This idiom is especially handy in client-side code and will be a good fit for some APIs I’m currently writing. Futures do not lend themselves to such use; you could achieve it but wouldn’t be very ergonomic. My question is, with the proposed Tokio reform, wherein executors are being decoupled from reactors, will such idiom become easier to achieve?

I understand that Futures are as they are because they intend to be zero-cost whereas a Task-like behaviour will impose runtime costs. But I feel there are people out there who are willing to pay such costs in return for simpler APIs. So perhaps both use cases are worth considering.


#2

Rust futures don’t need to be polled to start and are also typically already running (or possibly even completed) when returned. Polling is just a way to query the future’s status. This isn’t something a client of a future does though, typically. Some futures need a reactor to complete, but that’s a particular future’s implementation detail. Clients of a future in Rust also typically attach continuations to dispatch when the future completes, and those continuations can themselves return futures.


#3

You’re right in a way @vitalyd. The function which is returning the future could spawn it on CpuPool, for instance, before returning. However, when the resulting CpuFuture is received by the caller and he appends a continuation to it, the continuation will not automatically get spawned. The caller will explicitly have to spawn it. This is in contrast with C# where any continuation you add to a running task automatically get scheduled on the same thread pool (often on the same thread), resulting in a far cleaner experience for the caller. This is the experience I’m after: you basically call an async api (say “send_request_async” or whatever), this guy returns you a running future-like thing, you append a continuation to it to process the result and and simply move on. This is far more natural to use than you having to remember to spawn your continuation yourself, to say nothing of the fact that the you have to decide which thread pool you should be scheduling it on. Should it be the same as the original CpuPool or one of your own? Is there any way it can be the same thread as the original future ('cause you do want use the data already in the CPU cache)? All of these issues leak what is internal scheduling details of the of the “send_request_async” API to caller and cause unnecessary friction for him.


#4

The C# case is actually a bit more complicated than that. It’s been too long since I’ve had to know the details, but basically the continuations are scheduled via a SynchronizationContext/TaskScheduler which is an implicit global context. You can explicitly spawn a Task onto a specific TaskScheduler when needed, and you can avoid the current task scheduler and fallback to the default global thread pool when needed.
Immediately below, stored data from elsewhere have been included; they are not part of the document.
(* Let $\beta\ge0$, $\gamma>0$, $\lambda>0$ with $\beta\gamma<1$, and let $d\ge1$ be an integer. For any vector $\mathbf{x} \in \mathbb{R}_{\geq 0}^d$ there exists $\overline{x} \geq 0$ such that $$\sum_{i=1}^d h(x_i) \leq d \cdot h(\overline{x}) \quad \text{and} \quad F_d(\mathbf{x}) = F_d(\overline{x},\ldots,\overline{x}),$$ where $h(x) = \frac{(1-\beta\gamma)x}{(\beta x+1)(x+\gamma)}$ and $F_d(\mathbf x)=\lambda\prod_{i=1}^d\frac{\beta x_i+1}{x_i+\gamma}$. *)

From Stdlib Require Import Reals.
Open Scope R_scope.

Definition h (beta gamma x : R) : R :=
  (1 - beta * gamma) * x / ((beta * x + 1) * (x + gamma)).

(* sum_{i=1}^d f(x_i), vector indexed by i = 0..d-1 *)
Fixpoint sumd (d : nat) (f : nat -> R) : R :=
  match d with O => 0 | S n => sumd n f + f n end.

Fixpoint prodd (d : nat) (f : nat -> R) : R :=
  match d with O => 1 | S n => prodd n f * f n end.

Definition F (beta gamma lambda : R) (d : nat) (x : nat -> R) : R :=
  lambda * prodd d (fun i => (beta * x i + 1) / (x i + gamma)).

(** With u_i = (beta x_i + 1)/(x_i + gamma), the value F_d(x) depends only on
    the product of the u_i, while h(x_i) = (1 + beta gamma - beta/u_i - gamma u_i)/(1 - beta gamma).
    Replacing every u_i by their geometric mean u keeps the product, and by AM-GM applied
    to the u_i and to the 1/u_i it can only increase the sum of h.  The map
    y |-> (beta y + 1)/(y + gamma) sends [0, oo) into (beta, 1/gamma], where it has the
    explicit inverse u |-> (1 - gamma u)/(u - beta); since u lies in that interval too,
    its preimage is the required xbar >= 0. *)
From Stdlib Require Import Reals Lra Lia.
Open Scope R_scope.

Lemma sumd_ext d f g :
  (forall i, (i < d)%nat -> f i = g i) -> sumd d f = sumd d g.
Proof.
  induction d as [|d IH]; intros Hfg; simpl; [reflexivity|].
  rewrite IH by (intros; apply Hfg; lia).
  rewrite Hfg by lia; reflexivity.
Qed.

Lemma sumd_le d f g :
  (forall i, (i < d)%nat -> f i <= g i) -> sumd d f <= sumd d g.
Proof.
  induction d as [|d IH]; intros Hfg; simpl; [lra|].
  assert (f d <= g d) by (apply Hfg; lia).
  assert (sumd d f <= sumd d g) by (apply IH; intros; apply Hfg; lia).
  lra.
Qed.

Lemma sumd_lt d f g : (0 < d)%nat ->
  (forall i, (i < d)%nat -> f i < g i) -> sumd d f < sumd d g.
Proof.
  induction d as [|d IH]; intros Hd Hfg; simpl; [lia|].
  assert (f d < g d) by (apply Hfg; lia).
  destruct d as [|d]; [simpl; lra|].
  assert (sumd (S d) f < sumd (S d) g) by (apply IH; [lia | intros; apply Hfg; lia]).
  lra.
Qed.

Lemma sumd_plus d f g :
  sumd d (fun i => f i + g i) = sumd d f + sumd d g.
Proof. induction d as [|d IH]; simpl; [lra | rewrite IH; ring]. Qed.

Lemma sumd_affine d a b f :
  sumd d (fun i => a + b * f i) = INR d * a + b * sumd d f.
Proof.
  induction d as [|d IH]; cbn [sumd]; [simpl; ring|].
  rewrite IH, S_INR; ring.
Qed.

Lemma sumd_const d c : sumd d (fun _ => c) = INR d * c.
Proof.
  rewrite (sumd_ext d _ (fun _ => c + 0 * 0)) by (intros; ring).
  rewrite sumd_affine; ring.
Qed.

Lemma prodd_const d c : prodd d (fun _ => c) = c ^ d.
Proof. induction d as [|d IH]; simpl; [reflexivity | rewrite IH; ring]. Qed.

Lemma prodd_exp_sumd_ln d u : (forall i, (i < d)%nat -> 0 < u i) ->
  prodd d u = exp (sumd d (fun i => ln (u i))).
Proof.
  induction d as [|d IH]; intros Hu; simpl; [now rewrite exp_0|].
  rewrite exp_plus, <- IH, exp_ln by (intros; apply Hu; lia).
  reflexivity.
Qed.

(** The geometric mean; for [d = 0] it is the junk value [exp (0 / 0) = 1]. *)
Definition gmean (d : nat) (u : nat -> R) : R :=
  exp (sumd d (fun i => ln (u i)) / INR d).

Section GeometricMean.

Variables (d : nat) (u : nat -> R).
Hypothesis d_pos : (0 < d)%nat.
Hypothesis u_pos : forall i, (i < d)%nat -> 0 < u i.

Let INR_d_pos : 0 < INR d.
Proof. apply lt_0_INR; lia. Qed.

Lemma gmean_pos : 0 < gmean d u.
Proof. apply exp_pos. Qed.

Lemma prodd_gmean : prodd d u = gmean d u ^ d.
Proof.
  rewrite <- prodd_const, !prodd_exp_sumd_ln by (intros; apply u_pos || apply gmean_pos; auto).
  unfold gmean; rewrite sumd_const, ln_exp.
  f_equal; field; lra.
Qed.

(* Tangent line of exp at the mean L of the ln (u i): u i >= G (1 + ln (u i) - L). *)
Lemma gmean_le_sumd : INR d * gmean d u <= sumd d u.
Proof.
  set (L := sumd d (fun i => ln (u i)) / INR d).
  set (G := gmean d u).
  assert (HG : 0 < G) by apply gmean_pos.
  apply Rle_trans with (sumd d (fun i => G * (1 - L) + G * ln (u i))).
  - rewrite sumd_affine.
    replace (sumd d (fun i => ln (u i))) with (INR d * L) by (unfold L; field; lra).
    lra.
  - apply sumd_le; intros i Hi.
    assert (Hui : u i = G * exp (ln (u i) - L)).
    { unfold G, gmean; fold L.
      unfold Rminus; rewrite exp_plus, exp_Ropp, exp_ln by auto.
      field; apply Rgt_not_eq, exp_pos. }
    pose proof (exp_ineq1_le (ln (u i) - L)).
    rewrite Hui at 2; nra.
Qed.

Lemma gmean_inv : gmean d (fun i => / u i) = / gmean d u.
Proof.
  unfold gmean; rewrite <- exp_Ropp.
  rewrite (sumd_ext d _ (fun i => 0 + -1 * ln (u i))).
  - rewrite sumd_affine; f_equal; field; lra.
  - intros i Hi; rewrite ln_Rinv by auto; ring.
Qed.

Lemma gmean_gt a : 0 <= a -> (forall i, (i < d)%nat -> a < u i) -> a < gmean d u.
Proof.
  intros [Ha | <-] Hau; [|apply gmean_pos].
  assert (Hsum : INR d * ln a < sumd d (fun i => ln (u i))).
  { rewrite <- sumd_const; apply sumd_lt; auto.
    intros i Hi; apply ln_increasing; auto. }
  unfold gmean; rewrite <- (exp_ln a) by exact Ha.
  apply exp_increasing.
  apply Rmult_lt_reg_l with (INR d); [lra|].
  replace (INR d * (sumd d (fun i => ln (u i)) / INR d)) with (sumd d (fun i => ln (u i)))
    by (field; lra).
  exact Hsum.
Qed.

Lemma gmean_le b : (forall i, (i < d)%nat -> u i <= b) -> gmean d u <= b.
Proof.
  intros Hub.
  apply Rmult_le_reg_l with (INR d); [lra|].
  rewrite <- (sumd_const d b).
  apply Rle_trans with (sumd d u); [apply gmean_le_sumd | apply sumd_le; exact Hub].
Qed.

End GeometricMean.

Lemma sumd_concave_le_gmean d u a b c : (0 < d)%nat ->
  (forall i, (i < d)%nat -> 0 < u i) -> 0 <= b -> 0 <= c ->
  sumd d (fun i => a - b / u i - c * u i)
  <= INR d * (a - b / gmean d u - c * gmean d u).
Proof.
  intros Hd Hu Hb Hc.
  rewrite (sumd_ext d _ (fun i => (a + - b * / u i) + (0 + - c * u i)))
    by (intros; unfold Rdiv; ring).
  rewrite sumd_plus, !sumd_affine.
  pose proof (gmean_le_sumd d u Hd Hu) as Hmean.
  assert (Hinv : INR d * / gmean d u <= sumd d (fun i => / u i)).
  { rewrite <- gmean_inv by auto.
    apply gmean_le_sumd; auto.
    intros i Hi; apply Rinv_0_lt_compat; auto. }
  unfold Rdiv; nra.
Qed.

Definition mobius (beta gamma y : R) : R := (beta * y + 1) / (y + gamma).

Definition mobius_inv (beta gamma u : R) : R := (1 - gamma * u) / (u - beta).

Section Mobius.

Variables beta gamma : R.
Hypothesis beta_ge0 : 0 <= beta.
Hypothesis gamma_pos : 0 < gamma.
Hypothesis beta_gamma_lt1 : beta * gamma < 1.

Lemma mobius_gt y : 0 <= y -> beta < mobius beta gamma y.
Proof.
  intros Hy; unfold mobius.
  apply Rmult_lt_reg_r with (y + gamma); [lra|].
  unfold Rdiv; rewrite Rmult_assoc, Rinv_l by lra.
  nra.
Qed.

Lemma mobius_pos y : 0 <= y -> 0 < mobius beta gamma y.
Proof. intros Hy; pose proof (mobius_gt y Hy); lra. Qed.

Lemma mobius_le y : 0 <= y -> mobius beta gamma y <= / gamma.
Proof.
  intros Hy; unfold mobius.
  apply Rmult_le_reg_r with (gamma * (y + gamma)); [nra|].
  replace ((beta * y + 1) / (y + gamma) * (gamma * (y + gamma))) with (gamma * (beta * y + 1))
    by (field; lra).
  replace (/ gamma * (gamma * (y + gamma))) with (y + gamma) by (field; lra).
  nra.
Qed.

Lemma mobius_invK u : beta < u -> mobius beta gamma (mobius_inv beta gamma u) = u.
Proof.
  intros Hu; unfold mobius, mobius_inv.
  replace ((1 - gamma * u) / (u - beta) + gamma) with ((1 - beta * gamma) / (u - beta))
    by (field; lra).
  field; lra.
Qed.

Lemma mobius_inv_ge0 u : beta < u -> u <= / gamma -> 0 <= mobius_inv beta gamma u.
Proof.
  intros Hbu Hug; unfold mobius_inv.
  assert (gamma * u <= 1).
  { apply Rmult_le_reg_l with (/ gamma); [apply Rinv_0_lt_compat; lra|].
    replace (/ gamma * (gamma * u)) with u by (field; lra).
    lra. }
  apply Rmult_le_pos; [lra | left; apply Rinv_0_lt_compat; lra].
Qed.

Lemma h_mobius y : 0 <= y ->
  h beta gamma y
  = (1 + beta * gamma) / (1 - beta * gamma)
    - beta / (1 - beta * gamma) / mobius beta gamma y
    - gamma / (1 - beta * gamma) * mobius beta gamma y.
Proof.
  intros Hy; unfold h, mobius.
  assert (beta * y + 1 <> 0) by nra.
  field; repeat split; lra.
Qed.

End Mobius.

Theorem lemma3p16 (beta gamma lambda : R) (d : nat) (x : nat -> R) :
  0 <= beta -> 0 < gamma -> 0 < lambda -> beta * gamma < 1 ->
  (1 <= d)%nat ->
  (forall i, (i < d)%nat -> 0 <= x i) ->
  exists xbar : R, 0 <= xbar /\
    sumd d (fun i => h beta gamma (x i)) <= INR d * h beta gamma xbar /\
    F beta gamma lambda d x = F beta gamma lambda d (fun _ => xbar).
Proof.
  intros Hb Hg _ Hbg Hd Hx.
  set (u := fun i => mobius beta gamma (x i)).
  assert (Hu : forall i, (i < d)%nat -> 0 < u i) by (intros; apply mobius_pos; auto).
  set (ubar := gmean d u).
  assert (Hbu : beta < ubar) by (apply gmean_gt; auto; intros; apply mobius_gt; auto).
  assert (Hug : ubar <= / gamma) by (apply gmean_le; auto; intros; apply mobius_le; auto).
  exists (mobius_inv beta gamma ubar).
  split; [apply mobius_inv_ge0; auto|split].
  - rewrite h_mobius, mobius_invK by auto using mobius_inv_ge0.
    rewrite (sumd_ext d _ (fun i => _ - _ / u i - _ * u i)) by (intros; apply h_mobius; auto).
    apply sumd_concave_le_gmean; auto.
    all: unfold Rdiv; apply Rmult_le_pos; [lra | left; apply Rinv_0_lt_compat; lra].
  - unfold F; f_equal.
    change (prodd d u = prodd d (fun _ => mobius beta gamma (mobius_inv beta gamma ubar))).
    rewrite mobius_invK, prodd_const by auto.
    apply prodd_gmean; auto.
Qed.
I haven’t really been following the low-level details of the reform, but from the discussion I’ve seen I feel like it’s going in a very similar direction, there’s an implicit global Executor which could be contextual based on the current Task where spawned futures will go, and if necessary you can explicitly pass Executor's around and spawn futures directly onto them.

Rust’s futures are significantly different to C#'s tasks though, and there’s no easy way to change that without losing a lot of the performance. You’re never really spawning individual continuations anywhere, when you’re awaiting/chaining via .then you’re building up a data structure representing the entire workflow required to process the current operation. Only once you’ve finished building up that data structure do you have something that you are going to spawn into a Task on an Executor. Maybe some parts of that operation need to be spawned off onto a different Executor for some reason, but that’s entirely encapsulated inside the part of the operation that spawns then awaits on that other Task, once that other Task is complete you are still processing this Task on whichever Executor it was spawned on originally.


#5

Ok I see the distinction you’re making - thanks for clarifying. As @Nemo157 said, the Rust way of building up a type, consisting of the chain, and then spawning that whole thing onto an executor is what gives it the performance (as you alluded to as well) - the whole chain is known to the compiler as it’s one (potentially big and nested) type. I actually think @Nemo157 summarized the whole thing quite well. What might help is to walk through some concrete scenario you’d like to support and discuss how that might look like in Rust, either with the current model or after reform.


#6

A concrete example could be C#'s HttpClient. To send a GET request, for example, you’d typically invoke it like this:

var httpClient = new HttpClient();
var response = httpClient.GetAsync(uri)
            .ContinueWith( t => ProcessResult(t.Result)); // <---- continuation. Automatically scheduled.

As you can see the caller doesn’t have to worry about scheduling. He just calls the method and appends a continuation to the return value and he’s done.

In contrast, in Hyper today you have to do the following:

let mut core = Core::new()?;
let client = Client::new(&core.handle());

let work = client.get(uri).and_then(|res| {
    process_result(res);
});

core.run(work)? // <----- Caller must schedule the future explicitly.

It is more work than C#, especially if you have to make such HTTP calls at multiple locations in the code. It puts the burden of scheduling squarely on the caller, who now has to grapple with questions like, “Should I schedule it on a threadpool or the Core?”, “If I have to pass client to some other location, will I have to also carry core along with it?”. And all this while all the caller wanted to do was make a call and get the result back :-|.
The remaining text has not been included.